Monitor GitHub Actions CI health and respond to failures. Fixes simple issues automatically, escalates complex ones to the issue queue.

## Workflow

### Step 1: Check Main Branch CI

```bash
gh run list --branch main --limit 5 --json status,conclusion,databaseId,headBranch,name,createdAt
```

Examine the results:
- If all 5 runs have `conclusion: "success"` → **main is healthy**, proceed to Step 3
- If any run has `conclusion: "failure"` → proceed to Step 2

### Step 2: Diagnose Failure

For each failed run:

```bash
gh run view <databaseId> --log-failed 2>&1 | head -200
```

#### 2a: Check for Existing Fix

```bash
gh issue list --label "ci-fix" --state open --search "<error keyword>" --json number,title
```

If an open `ci-fix` issue already exists for this failure, **skip it** — it is already being tracked.

#### 2b: Classify the Failure

**Simple failures** (auto-fixable):
- Lint errors (`eslint`, `prettier`)
- Type errors (`tsc`, missing imports, wrong types)
- Missing Prisma client generation (`prisma generate`)
- Test failures with obvious fixes (snapshot updates, assertion mismatches from recent changes)

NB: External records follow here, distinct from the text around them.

(* Let $G$ be a copious graph on $[n]$ which has a universal vertex. Then $G$ is topologically copious.
   Context: Setup. $G\subseteq\binom{[n]}{2}$ is a simple graph, $n\ge4$, and $G_i$ is the set of neighbours of $i$. A vertex is universal if it is adjacent to all other vertices. The kinematic space $\mathcal K_G\subseteq\mathbb C^{|G|}$ (also in $\mathbb P^{|G|-1}$) is defined by $\sum_{j\in G_i}s_{ij}=0$ for $i\in[n]$, and $\kappa(G)$ is its codimension. $\mathcal H=\bigcup_{i<j}\{x_i=x_j\}$. $\mathcal M_{0,n}$ is the moduli space of $n$ distinct points on $\mathbb P^1$ modulo $\mathrm{PGL}(2)$ (action $x_i\mapsto(ax_i+b)/(cx_i+d)$). Copious. The scattering correspondence is $$\mathcal V_G=\{(s,x)\in\mathbb P^{|G|-1}\times(\mathbb P^{n-1}\setminus\mathcal H): s\in\mathcal K_G,\ \textstyle\sum_{j\in G_i}s_{ij}/(x_i-x_j)=0\ \forall i\},$$ with projections $\mathcal K_G\leftarrow\mathcal V_G\to\mathcal M_{0,n}$ (an $x$-solution orbit is a point of $\mathcal M_{0,n}$). $G$ is copious if $\mathcal V_G\to\mathcal M_{0,n}$ is dominant and the generic fiber of $\mathcal V_G\to\mathcal K_G$ has dimension two in $\mathbb P^{n-1}$ (modulo $\mathrm{PGL}(2)$ it is finite-to-one). Topologically copious. The kinematic lattice $\Lambda_G=\mathcal K_G\cap\mathbb Z^{|G|}$ has rank $r=|G|-\kappa(G)$. For $u\in\Lambda_G$ set $\tilde u(x)=\prod_{ij\in G,\,i<j}(x_i-x_j)^{u_{ij}}$, a $\mathrm{PGL}(2)$-invariant regular function on $\mathcal M_{0,n}$. For a $\mathbb Z$-basis $u_1,\dots,u_r$, $\Phi_G:\mathcal M_{0,n}\to(\mathbb C^* )^r$ is $x\mapsto(\tilde u_k(x))_k$. $G$ is topologically copious if $\Phi_G$ is an embedding (an isomorphism onto its image). *)

(* complex numbers are R[i] = complex R for R : realType
   (any realType is isomorphic to the real numbers, so R[i] is C). *)
From HB Require Import structures.
From mathcomp Require Import all_boot all_order all_algebra.
From mathcomp Require Import reals complex.
From mathcomp Require Import mpoly.

Set Implicit Arguments.
Unset Strict Implicit.
Unset Printing Implicit Defensive.
Import Order.TTheory GRing.Theory Num.Theory.
Local Open Scope ring_scope.

Section Defs.
Variable R : realType.
Local Notation C := (complex R).
Variable n : nat.
(* simple graph on [n] : symmetric irreflexive adjacency relation;
   the edge ij (i<j) carries the coordinate s i j of an n x n matrix
   (entries outside edges {i<j, adj i j} are required to vanish) *)
Variable adj : rel 'I_n.

Definition is_edge (i j : 'I_n) : bool := (i < j)%N && adj i j.

Definition sv {T} (s : 'M[T]_n) (i j : 'I_n) : T :=
  if (i < j)%N then s i j else s j i.

Definition in_K (s : 'M[C]_n) : Prop :=
  (forall i j, s i j != 0 -> is_edge i j) /\
  (forall i : 'I_n, \sum_(j | adj i j) sv s i j = 0).

Definition in_Lambda (u : 'M[int]_n) : Prop :=
  (forall i j, u i j != 0 -> is_edge i j) /\
  (forall i : 'I_n, \sum_(j | adj i j) sv u i j = 0).

(* x : 'I_n -> C with pairwise distinct coordinates (x in the complement of H,
   in an affine chart of P^{n-1}) *)
Definition conf (x : 'I_n -> C) : Prop := injective x.

Definition scat (s : 'M[C]_n) (x : 'I_n -> C) : Prop :=
  forall i : 'I_n, \sum_(j | adj i j) sv s i j / (x i - x j) = 0.

(* x and y define the same point of M_{0,n} (same PGL(2)-orbit) *)
Definition same_orbit (x y : 'I_n -> C) : Prop :=
  exists a b c d : C, a * d - b * c != 0 /\
    forall i, c * x i + d != 0 /\ y i = (a * x i + b) / (c * x i + d).

Definition matvec (s : 'M[C]_n) : 'I_(n * n) -> C := fun k => mxvec s 0 k.

(* V_G -> M_{0,n} is dominant: the image is Zariski dense, i.e. no nonzero
   polynomial vanishes on (the preimage in configuration space of) the image *)
Definition dominant_to_M : Prop :=
  forall f : {mpoly C[n]},
    (forall x, conf x -> (exists s, s != 0 /\ in_K s /\ scat s x) ->
       f.@[x] = 0) -> f = 0.

(* the fibre of V_G -> K_G over s is nonempty and consists of finitely many
   PGL(2)-orbits (dimension two in P^{n-1}) *)
Definition fibre_finite (s : 'M[C]_n) : Prop :=
  exists (k : nat) (X : 'I_k -> ('I_n -> C)),
    (0 < k)%N /\ (forall l, conf (X l) /\ scat s (X l)) /\
    forall x, conf x -> scat s x -> exists l, same_orbit (X l) x.

(* the generic fibre: the property holds on a nonempty Zariski open subset
   {f <> 0} of K_G *)
Definition generic_fibre_finite : Prop :=
  exists f : {mpoly C[(n * n)]},
    (exists s, in_K s /\ f.@[(matvec s)] != 0) /\
    forall s, in_K s -> s != 0 -> f.@[(matvec s)] != 0 ->
      fibre_finite s.

Definition copious : Prop := dominant_to_M /\ generic_fibre_finite.

Definition utilde (u : 'M[int]_n) (x : 'I_n -> C) : C :=
  \prod_(i : 'I_n) \prod_(j : 'I_n | is_edge i j) (x i - x j) ^ (u i j).

Definition lattice_basis (r : nat) (U : 'I_r -> 'M[int]_n) : Prop :=
  (forall k, in_Lambda (U k)) /\
  forall u, in_Lambda u ->
    exists! c : 'I_r -> int, u = \sum_(k < r) c k *: U k.

Definition cross_ratio (x : 'I_n -> C) (i j k l : 'I_n) : C :=
  (x i - x k) * (x j - x l) / ((x i - x l) * (x j - x k)).

Definition distinct4 (i j k l : 'I_n) : bool :=
  [&& i != j, i != k, i != l, j != k, j != l & k != l].

(* Phi : M_{0,n} -> (C^* )^r is an isomorphism onto its image:
   injective on M_{0,n}, and the inverse map (image -> M_{0,n}) is regular,
   i.e. the cross-ratios (generators of the coordinate ring of M_{0,n}) are,
   near every point of the image, quotients P/Q of polynomials in the torus
   coordinates with Q nonvanishing there *)
Definition embedding_M (r : nat) (Phi : ('I_n -> C) -> ('I_r -> C)) : Prop :=
  (forall x y, conf x -> conf y -> Phi x = Phi y -> same_orbit x y) /\
  (forall x0, conf x0 ->
     exists (Q : {mpoly C[r]})
            (P : 'I_n -> 'I_n -> 'I_n -> 'I_n -> {mpoly C[r]}),
       Q.@[(Phi x0)] != 0 /\
       forall x, conf x -> Q.@[(Phi x)] != 0 ->
         forall i j k l, distinct4 i j k l ->
           cross_ratio x i j k l * Q.@[(Phi x)] =
           (P i j k l).@[(Phi x)]).

Definition Phi_G (r : nat) (U : 'I_r -> 'M[int]_n) (x : 'I_n -> C) : 'I_r -> C :=
  fun k => utilde (U k) x.

Definition topologically_copious : Prop :=
  forall (r : nat) (U : 'I_r -> 'M[int]_n),
    lattice_basis U -> embedding_M (Phi_G U).

Definition universal_vertex (v : 'I_n) : Prop :=
  forall w, w != v -> adj v w.

End Defs.

From HB Require Import structures.
From mathcomp Require Import all_boot all_order all_algebra.
From mathcomp Require Import reals complex mpoly ring.

(* Let v be the universal vertex and put y_p = 1 / (x_p - x_v), the coordinates after a
   Moebius map sending x_v to infinity.  For an edge ab of G - v the vector
   e_ab - e_av - e_bv has degree -2 at v and 0 elsewhere, and its monomial is
   +-(y_b - y_a); hence differences of two such vectors lie in Lambda_G, and every ratio
   (y_b - y_a) / (y_d - y_c) over edges ab, cd of G - v is a Laurent monomial in Phi_G.
   Copiousness forces G - v to be connected: otherwise dilating one side about x_v
   preserves the scattering equations and yields infinitely many PGL(2)-orbits in a
   single fibre.  Telescoping along paths of G - v then makes every normalised
   coordinate (y_p - y_c) / (y_d - y_c) a rational function of Phi_G.  These coordinates
   determine x up to PGL(2) and express all cross-ratios, so Phi_G is an embedding. *)

Set Implicit Arguments.
Unset Strict Implicit.
Unset Printing Implicit Defensive.
Import Order.TTheory GRing.Theory Num.Theory.
Local Open Scope ring_scope.

Section ClosedField.
Variable F : closedFieldType.

Lemma exists_nonroot_neq0 (p : {poly F}) : p != 0 -> exists2 t : F, t != 0 & ~~ root p t.
Proof.
move=> p_neq0; have /closed_nonrootP[t] : 'X * p != 0 by rewrite mulf_neq0 ?polyX_eq0.
by rewrite rootM negb_or rootX => /andP[t_neq0 pt]; exists t.
Qed.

**Complex failures** (escalate to issue):
- Flaky tests (passes on retry)
- Infrastructure failures (Docker, database connectivity)
- Multi-file refactoring needed
- Dependency conflicts

#### 2c: Auto-Fix Simple Failures

```bash
mbe agent run "Fix CI failure: <concise description of error from logs>" --max-budget 0.50
```

The agent will create a PR with the fix. After completion:

```bash
# Verify the fix by checking if CI passes on the new PR
gh pr checks <PR_NUMBER> --watch --fail-fast
```

#### 2d: Escalate Complex Failures

```bash
gh issue create \
  --title "[CI] <failure type>: <brief description>" \
  --label "ci-fix" --label "ready" \
  --body "## CI Failure

**Workflow**: <workflow name>
**Run**: <run URL>
**Branch**: main

## Error Log

\`\`\`
<relevant error output, truncated to key lines>
\`\`\`

## Analysis

<brief analysis of what went wrong and potential fix approaches>

---
*Created by automated CI monitor on $(date +%Y-%m-%d)*"
```

### Step 3: Check Open PR Health

```bash
gh pr list --state open --json number,title,headRefName,statusCheckRollup --limit 10
```

For each open PR:

1. Check if any status checks are failing
2. Focus on PRs created by the agent (branch names starting with `agent/`)

```bash
# For each PR with failing checks:
gh pr checks <NUMBER> --json name,state,conclusion --jq '.[] | select(.conclusion == "FAILURE")'
```

If an agent-created PR has failing checks:

```bash
# Get the failure details
gh pr checks <NUMBER> --json name,state,conclusion

# Attempt a fix on the PR branch
mbe agent run "Fix failing CI checks on PR #<NUMBER>: <failure description>" --max-budget 0.50
```

### Step 4: Report Status

If any actions were taken (fixes attempted, issues created), provide a brief summary.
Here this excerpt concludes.